= SUPPLIED RECORDS =
(* Let $D,\chi,\varepsilon,a>0$ and $\beta>0$, set $b=D\beta^2$, and assume $\omega^2:=\frac{a\chi}{D\varepsilon}-\beta^2>0$. Then there exist $\rho_0>0$, $\phi_0>0$, $r_0>0$ and functions $\rho\in C^0[0,\infty)$, $\phi\in C^2[0,\infty)$ with $\rho\ge 0$, $\phi\ge 0$, $\phi$ bounded, such that the function $p(\rho)=\frac{\varepsilon}{2}\rho^2$ is differentiable on $(0,\infty)$ and $$\partial_r\big(p(\rho)\big)=\chi\rho\,\phi_r,\qquad D\phi_{rr}+D\frac{\phi_r}{r}+a\rho-b\phi=0\quad\text{on }(0,\infty),$$ and moreover $\rho(0)=\rho_0$, $\phi(0)=\phi_0$, $\rho>0$ on $[0,r_0)$ and $\rho\equiv 0$ on $[r_0,\infty)$ (a ''half bump'' solution).
   Context: This system is the radially symmetric stationary form (with zero velocity) of the hyperbolic-parabolic chemotaxis model $\rho_t+\mathrm{div}(\rho u)=0$, $(\rho u)_t+\mathrm{div}(\rho u\otimes u)+\nabla p(\rho)=\chi\rho\nabla\phi-\alpha\rho u$, $\delta\phi_t=D\Delta\phi+a\rho-b\phi$ on $\mathbb{R}^2$ with pressure $p(\rho)=\frac{\varepsilon}{2}\rho^2$; here $r=|x|$, $\rho(r)$ is cell density and $\phi(r)$ chemoattractant concentration. *)

From Stdlib Require Import Reals Lra.
From Coquelicot Require Import Coquelicot.
Open Scope R_scope.

Definition is_right_derive (f : R -> R) (x l : R) : Prop :=
  filterlim (fun h => (f (x + h) - f x) / h) (at_right 0) (locally l).

Definition C0_half (f : R -> R) : Prop :=
  (forall x, 0 < x -> continuous f x) /\
  filterlim f (at_right 0) (locally (f 0)).

Definition C2_half (f : R -> R) : Prop :=
  exists d1 d2 : R -> R,
    (forall x, 0 < x -> is_derive f x (d1 x) /\ is_derive d1 x (d2 x)
                        /\ continuous d2 x) /\
    is_right_derive f 0 (d1 0) /\
    is_right_derive d1 0 (d2 0) /\
    filterlim d2 (at_right 0) (locally (d2 0)).

From Stdlib Require Import Reals Lra Lia Factorial.
From Coquelicot Require Import Coquelicot.
Open Scope R_scope.

(* Inside the support of rho the pressure balance eps rho rho' = chi rho phi' integrates to
   rho = chi/eps (phi - phi(r0)), and the phi-equation becomes the Bessel equation
   phi'' + phi'/r + om^2 phi = const, solved by K1 + A J0(om r); outside, rho = 0 and
   phi = B K0(beta r) is the decaying solution of phi'' + phi'/r = beta^2 phi.  Normalising
   phi(r0) = 1 fixes A and B by continuity, and C^1 matching becomes a scalar equation in
   s = om r0.  Its left side changes sign between the first zero of J0 and the first zero of
   J0', where J0 is decreasing and negative, which makes rho positive inside; the two equations
   then match the second derivatives as well.  J0 and I0 are taken as power series,
   K0 = I0 * int_x^oo dt / (t I0(t)^2) by reduction of order, and the first zeros of J0 and J0'
   are located by partial sums with geometric tail bounds. *)

(** * The power series of J0 and I0 *)

Section BesselSeries.

Variable sg : R.
Hypothesis sg_neq0 : sg <> 0.

Definition bessel_coef (k : nat) : R := sg ^ k / INR (fact k) ^ 2.

Lemma Rabs_bessel_coef_S k :
  Rabs (bessel_coef (S k)) = Rabs sg * Rabs (bessel_coef k) / INR (S k) ^ 2.
Proof.
  unfold bessel_coef. rewrite fact_simpl, mult_INR.
  assert (0 < INR (fact k)) by apply INR_fact_lt_0.
  assert (0 < INR (S k)) by (apply lt_0_INR; lia).
  unfold Rdiv. rewrite !Rabs_mult, !Rabs_inv, <- !RPow_abs, Rabs_mult.
  rewrite !(Rabs_pos_eq (INR _)) by lra.
  change (Rabs sg ^ S k) with (Rabs sg * Rabs sg ^ k). field. split; lra.
Qed.

Lemma bessel_coef_neq0 k : bessel_coef k <> 0.
Proof.
  unfold bessel_coef, Rdiv. apply Rmult_integral_contrapositive. split.
  - now apply pow_nonzero.
  - apply Rinv_neq_0_compat, pow_nonzero, INR_fact_neq_0.
Qed.

Lemma CV_radius_bessel_coef : CV_radius bessel_coef = p_infty.
Proof.
  apply CV_radius_infinite_DAlembert.
  - exact bessel_coef_neq0.
  - assert (Hinv : is_lim_seq (fun n => / INR (S n)) 0).
    { apply (is_lim_seq_incr_1 (fun n => / INR n)).
      replace (Finite 0) with (Rbar_inv p_infty) by reflexivity.
      apply is_lim_seq_inv; [apply is_lim_seq_INR | discriminate]. }
    replace 0 with (Rabs sg * (0 * 0)) by ring.
    apply is_lim_seq_ext with (fun n => Rabs sg * (/ INR (S n) * / INR (S n))).
    + intros n. assert (0 < INR (S n)) by (apply lt_0_INR; lia).
      pose proof (Rabs_no_R0 _ (bessel_coef_neq0 n)).
      rewrite Rabs_div, Rabs_bessel_coef_S by apply bessel_coef_neq0.
      field. lra.
    + apply is_lim_seq_scal_l with (lu := Finite (0 * 0)), is_lim_seq_mult'; exact Hinv.
Qed.

Lemma bessel_coef_inside z : Rbar_lt (Rabs z) (CV_radius bessel_coef).
Proof. rewrite CV_radius_bessel_coef. exact I. Qed.

Lemma bessel_coef_derive_inside z : Rbar_lt (Rabs z) (CV_radius (PS_derive bessel_coef)).
Proof. rewrite CV_radius_derive. apply bessel_coef_inside. Qed.

Lemma bessel_coef_derive2_inside z :
  Rbar_lt (Rabs z) (CV_radius (PS_derive (PS_derive bessel_coef))).
Proof. rewrite CV_radius_derive. apply bessel_coef_derive_inside. Qed.

Lemma PSeries_bessel_ode z :
  z * PSeries (PS_derive (PS_derive bessel_coef)) z + PSeries (PS_derive bessel_coef) z
  = sg * PSeries bessel_coef z.
Proof.
  rewrite <- PSeries_incr_1, <- PSeries_plus, <- PSeries_scal.
  2:{ apply CV_radius_inside. rewrite CV_radius_incr_1.
      apply bessel_coef_derive2_inside. }
  2:{ apply CV_radius_inside, bessel_coef_derive_inside. }
  apply PSeries_ext. intros [|n];
    unfold PS_plus, PS_incr_1, PS_scal, PS_derive, bessel_coef;
    change plus with Rplus; change scal with Rmult.
  - change zero with 0. simpl. field.
  - rewrite !fact_simpl, !mult_INR, !S_INR.
    assert (0 < INR (fact n)) by apply INR_fact_lt_0.
    assert (0 <= INR n) by apply pos_INR.
    simpl pow. field. lra.
Qed.

(* [bessel sg x = sum_k sg^k (x/2)^(2k) / (k!)^2]: J0 for [sg = -1], I0 for [sg = 1]. *)
Definition bessel (x : R) : R := PSeries bessel_coef (x ^ 2 / 4).
Definition bessel1 (x : R) : R := PSeries (PS_derive bessel_coef) (x ^ 2 / 4) * (x / 2).
Definition bessel2 (x : R) : R :=
  PSeries (PS_derive (PS_derive bessel_coef)) (x ^ 2 / 4) * (x / 2) ^ 2
  + PSeries (PS_derive bessel_coef) (x ^ 2 / 4) / 2.

Lemma is_derive_bessel x : is_derive bessel x (bessel1 x).
Proof.
  unfold bessel, bessel1. auto_derive.
  - apply ex_derive_PSeries, bessel_coef_inside.
  - rewrite Derive_PSeries by apply bessel_coef_inside.
    change (x * (x * 1) * / 4) with (x ^ 2 / 4). field.
Qed.

Lemma is_derive_bessel1 x : is_derive bessel1 x (bessel2 x).
Proof.
  unfold bessel1, bessel2. auto_derive.
  - apply ex_derive_PSeries, bessel_coef_derive_inside.
  - rewrite Derive_PSeries by apply bessel_coef_derive_inside.
    change (x * (x * 1) * / 4) with (x ^ 2 / 4). field.
Qed.

Lemma continuous_bessel2 x : continuous bessel2 x.
Proof.
  apply (ex_derive_continuous bessel2). unfold bessel2. auto_derive.
  split; [|split; [|exact I]]; apply ex_derive_PSeries.
  - apply bessel_coef_derive2_inside.
  - apply bessel_coef_derive_inside.
Qed.

Lemma bessel_ode x : x <> 0 -> bessel2 x + bessel1 x / x = sg * bessel x.
Proof.
  intros Hx. unfold bessel, bessel1, bessel2.
  rewrite <- PSeries_bessel_ode. field. exact Hx.
Qed.

Lemma continuous_bessel x : continuous bessel x.
Proof. apply (ex_derive_continuous bessel). eexists. apply is_derive_bessel. Qed.

Lemma continuous_bessel1 x : continuous bessel1 x.
Proof. apply (ex_derive_continuous bessel1). eexists. apply is_derive_bessel1. Qed.

End BesselSeries.

Lemma bessel_0 sg : bessel sg 0 = 1.
Proof.
  unfold bessel. replace (0 ^ 2 / 4) with 0 by field.
  rewrite PSeries_0. unfold bessel_coef. simpl. field.
Qed.

Notation J0 := (bessel (-1)).
Notation J0' := (bessel1 (-1)).
Notation J0'' := (bessel2 (-1)).
Notation I0 := (bessel 1).
Notation I0' := (bessel1 1).

(** * First zeros of J0 and J0' *)

Lemma Series_sub_sum_le (a : nat -> R) m q :
  0 <= q < 1 -> (forall k, (m < k)%nat -> Rabs (a (S k)) <= q * Rabs (a k)) ->
  ex_series a -> Rabs (Series a - sum_f_R0 a m) <= Rabs (a (S m)) / (1 - q).
Proof.
  intros Hq Hratio Ha.
  rewrite (Series_incr_n a (S m)) by (lia || exact Ha). simpl pred.
  replace (sum_f_R0 a m + Series (fun k => a (S m + k)%nat) - sum_f_R0 a m)
    with (Series (fun k => a (S m + k)%nat)) by ring.
  assert (Hgeom : forall k, Rabs (a (S m + k)%nat) <= Rabs (a (S m)) * q ^ k).
  { induction k as [|k IH].
    - rewrite Nat.add_0_r. simpl. lra.
    - rewrite Nat.add_succ_r. eapply Rle_trans; [apply Hratio; lia|].
      simpl pow. rewrite <- Rmult_assoc, (Rmult_comm _ q), Rmult_assoc.
      apply Rmult_le_compat_l; lra. }
  assert (Hsum : is_series (fun k => Rabs (a (S m)) * q ^ k) (Rabs (a (S m)) * / (1 - q))).
  { apply (is_series_scal_l (Rabs (a (S m))) (fun k => q ^ k)), is_series_geom.
    rewrite Rabs_pos_eq; lra. }
  assert (Habs : ex_series (fun k => Rabs (a (S m + k)%nat))).
  { eapply (@ex_series_le R_AbsRing R_CompleteNormedModule); [|eexists; exact Hsum].
    intros k. change norm with Rabs. rewrite Rabs_Rabsolu. apply Hgeom. }
  eapply Rle_trans; [apply Series_Rabs, Habs|].
  unfold Rdiv. rewrite <- (is_series_unique _ _ Hsum).
  apply Series_le; [|eexists; exact Hsum]. intros k. split; [apply Rabs_pos | apply Hgeom].
Qed.

Lemma PSeries_enclosure (c : nat -> R) z m q :
  0 <= q < 1 -> Rbar_lt (Rabs z) (CV_radius c) ->
  (forall k, Rabs (c (S k) * z ^ S k) <= Rabs z / INR (S k) ^ 2 * Rabs (c k * z ^ k)) ->
  Rabs z <= q * INR (S (S m)) ^ 2 ->
  Rabs (PSeries c z - sum_f_R0 (fun k => c k * z ^ k) m) <= Rabs (c (S m) * z ^ S m) / (1 - q).
Proof.
  intros Hq Hz Hratio Hm. apply Series_sub_sum_le; [exact Hq | |].
  - intros k Hk. eapply Rle_trans; [apply Hratio|]. apply Rmult_le_compat_r; [apply Rabs_pos|].
    assert (Hk' : INR (S (S m)) <= INR (S k)) by (apply le_INR; lia).
    assert (0 < INR (S (S m))) by (apply lt_0_INR; lia).
    apply Rmult_le_reg_r with (INR (S k) ^ 2); [apply pow_lt; lra|].
    unfold Rdiv. rewrite Rmult_assoc, Rinv_l, Rmult_1_r by (apply pow_nonzero; lra).
    eapply Rle_trans; [exact Hm|]. apply Rmult_le_compat_l; [lra|]. apply pow_incr. lra.
  - eapply ex_series_ext; [|apply (CV_radius_inside c z Hz)].
    intros k. change scal with Rmult. rewrite pow_n_pow. apply Rmult_comm.
Qed.

Lemma Rabs_m1 : Rabs (-1) = 1.
Proof. rewrite Rabs_left; lra. Qed.

Lemma J0_term_ratio z k :
  Rabs (bessel_coef (-1) (S k) * z ^ S k)
  <= Rabs z / INR (S k) ^ 2 * Rabs (bessel_coef (-1) k * z ^ k).
Proof.
  rewrite !Rabs_mult, Rabs_bessel_coef_S, Rabs_m1.
  assert (0 < INR (S k)) by (apply lt_0_INR; lia).
  change (z ^ S k) with (z * z ^ k). rewrite Rabs_mult. right. field. lra.
Qed.

Lemma J0'_term_ratio z k :
  Rabs (PS_derive (bessel_coef (-1)) (S k) * z ^ S k)
  <= Rabs z / INR (S k) ^ 2 * Rabs (PS_derive (bessel_coef (-1)) k * z ^ k).
Proof.
  unfold PS_derive. rewrite !Rabs_mult, (Rabs_bessel_coef_S _ (S k)), Rabs_m1.
  assert (0 < INR (S k)) by (apply lt_0_INR; lia).
  assert (INR (S k) <= INR (S (S k))) by (apply le_INR; lia).
  rewrite !(Rabs_pos_eq (INR _)) by lra.
  change (z ^ S k) with (z * z ^ k). rewrite Rabs_mult.
  set (X := Rabs z * Rabs (bessel_coef (-1) (S k)) * Rabs (z ^ k)).
  assert (0 <= X) by (apply Rmult_le_pos; [apply Rmult_le_pos|]; apply Rabs_pos).
  replace (INR (S (S k)) * (1 * Rabs (bessel_coef (-1) (S k)) / INR (S (S k)) ^ 2)
           * (Rabs z * Rabs (z ^ k)))
    with (X * / INR (S (S k))) by (unfold X; field; lra).
  replace (Rabs z / INR (S k) ^ 2 * (INR (S k) * Rabs (bessel_coef (-1) (S k)) * Rabs (z ^ k)))
    with (X * / INR (S k)) by (unfold X; field; lra).
  apply Rmult_le_compat_l; [lra|]. apply Rinv_le_contravar; lra.
Qed.

Lemma J0'_neg x : 0 < x <= 14 / 5 -> J0' x < 0.
Proof.
  intros Hx. unfold bessel1. set (z := x ^ 2 / 4).
  assert (Hz : 0 <= z <= 2) by (unfold z; simpl; nra).
  enough (PSeries (PS_derive (bessel_coef (-1))) z < 0) by nra.
  assert (Hz4 : z ^ 4 <= 16) by (replace 16 with (2 ^ 4) by ring; apply pow_incr; lra).
  pose proof (PSeries_enclosure _ z 3 (1 / 10) ltac:(lra)
    (bessel_coef_derive_inside (-1) ltac:(lra) z) (J0'_term_ratio z)
    ltac:(rewrite Rabs_pos_eq by lra; simpl; lra)) as Hencl.
  apply Rabs_le_between in Hencl.
  assert (Hc4 : PS_derive (bessel_coef (-1)) 4 = - (1 / 2880))
    by (unfold PS_derive, bessel_coef; rewrite !fact_simpl, !mult_INR; simpl; field).
  rewrite Hc4, Rabs_mult, Rabs_Ropp, !Rabs_pos_eq in Hencl by (try apply pow_le; lra).
  assert (Hsum : sum_f_R0 (fun k => PS_derive (bessel_coef (-1)) k * z ^ k) 3
                 = -1 + z / 2 - z ^ 2 / 12 + z ^ 3 / 144)
    by (unfold PS_derive, bessel_coef; cbn [sum_f_R0]; rewrite !fact_simpl, !mult_INR;
        simpl; field).
  rewrite Hsum in Hencl. nra.
Qed.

= WHAT TO DO =
Single out each line of the records above with the string "Definition" in it, and copy it.

= TASK ANSWER =
Definition is_right_derive (f : R -> R) (x l : R) : Prop :=
Definition C0_half (f : R -> R) : Prop :=
Definition C2_half (f : R -> R) : Prop :=
Definition bessel_coef (k : nat) : R := sg ^ k / INR (fact k) ^ 2.
Definition bessel (x : R) : R := PSeries bessel_coef (x ^ 2 / 4).
Definition bessel1 (x : R) : R := PSeries (PS_derive bessel_coef) (x ^ 2 / 4) * (x / 2).
Definition bessel2 (x : R) : R :=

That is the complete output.